Air-liquid interface (ALI) cell cultures are a valid and valuable method for replacing animals in biomedical research applications. ALI cell cultures, in mimicking the essential features of human in vivo epithelial barriers (specifically the lung, intestine, and skin), enable the development of appropriate structural architectures and functional differentiation in normal and diseased tissue barriers. As a result, ALI models closely resemble tissue conditions, generating responses comparable to those seen within a living system. Upon their implementation, these methods have seen widespread adoption in various applications, from toxicity screening to cancer investigations, receiving a substantial degree of acceptance (and sometimes regulatory endorsement) as an appealing alternative to animal testing. This chapter will provide an overview of ALI cell cultures, explaining their application in cancer cell culture, and elaborating on both the positive and negative aspects of this model.

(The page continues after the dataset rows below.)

(* Let $\alpha\ge0$. There is a constant $C>0$ such that for all sufficiently large $k\in\mathbb N$, $$\int_{-\infty}^\infty h_k^2(x)(1+|x|)^\alpha dx\ge Ck^{\alpha/2}\quad\text{and}\quad\int_{-\infty}^\infty h_k^2(x)(1+|x|)^{-\alpha}dx\ge C\max\{k^{-\alpha/2},k^{-1/2}\}.$$
   Context: $h_k(t)=(2^kk!\sqrt\pi)^{-1/2}H_k(t)e^{-t^2/2}$ are the Hermite functions, where $H_k(t)=(-1)^ke^{t^2}\frac{d^k}{dt^k}e^{-t^2}$ are the Hermite polynomials. *)

From Stdlib Require Import Reals Factorial.
From Coquelicot Require Import Coquelicot.
Open Scope R_scope.

Definition hermite_poly (k : nat) (t : R) : R :=
  (-1) ^ k * exp (t ^ 2) * Derive_n (fun x => exp (- x ^ 2)) k t.

Definition hermite_fun (k : nat) (t : R) : R :=
  / sqrt (2 ^ k * INR (fact k) * sqrt PI) * hermite_poly k t * exp (- t ^ 2 / 2).

From Stdlib Require Import Reals Factorial Lra Lia Classical.
From Coquelicot Require Import Coquelicot.
Open Scope R_scope.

In spite of substantial advancements in both investigating and treating cancer, the practice of 2D cell culture remains indispensable and undergoes continuous improvement within the industry's rapid progression. 2D cell culture, from fundamental monolayer cultures and functional assays to innovative cell-based cancer treatments, is indispensable for cancer diagnosis, prognosis, and therapy. While optimization of research and development is paramount in this field, cancer's diverse nature compels the need for precision medicine approaches adapted for individual patients.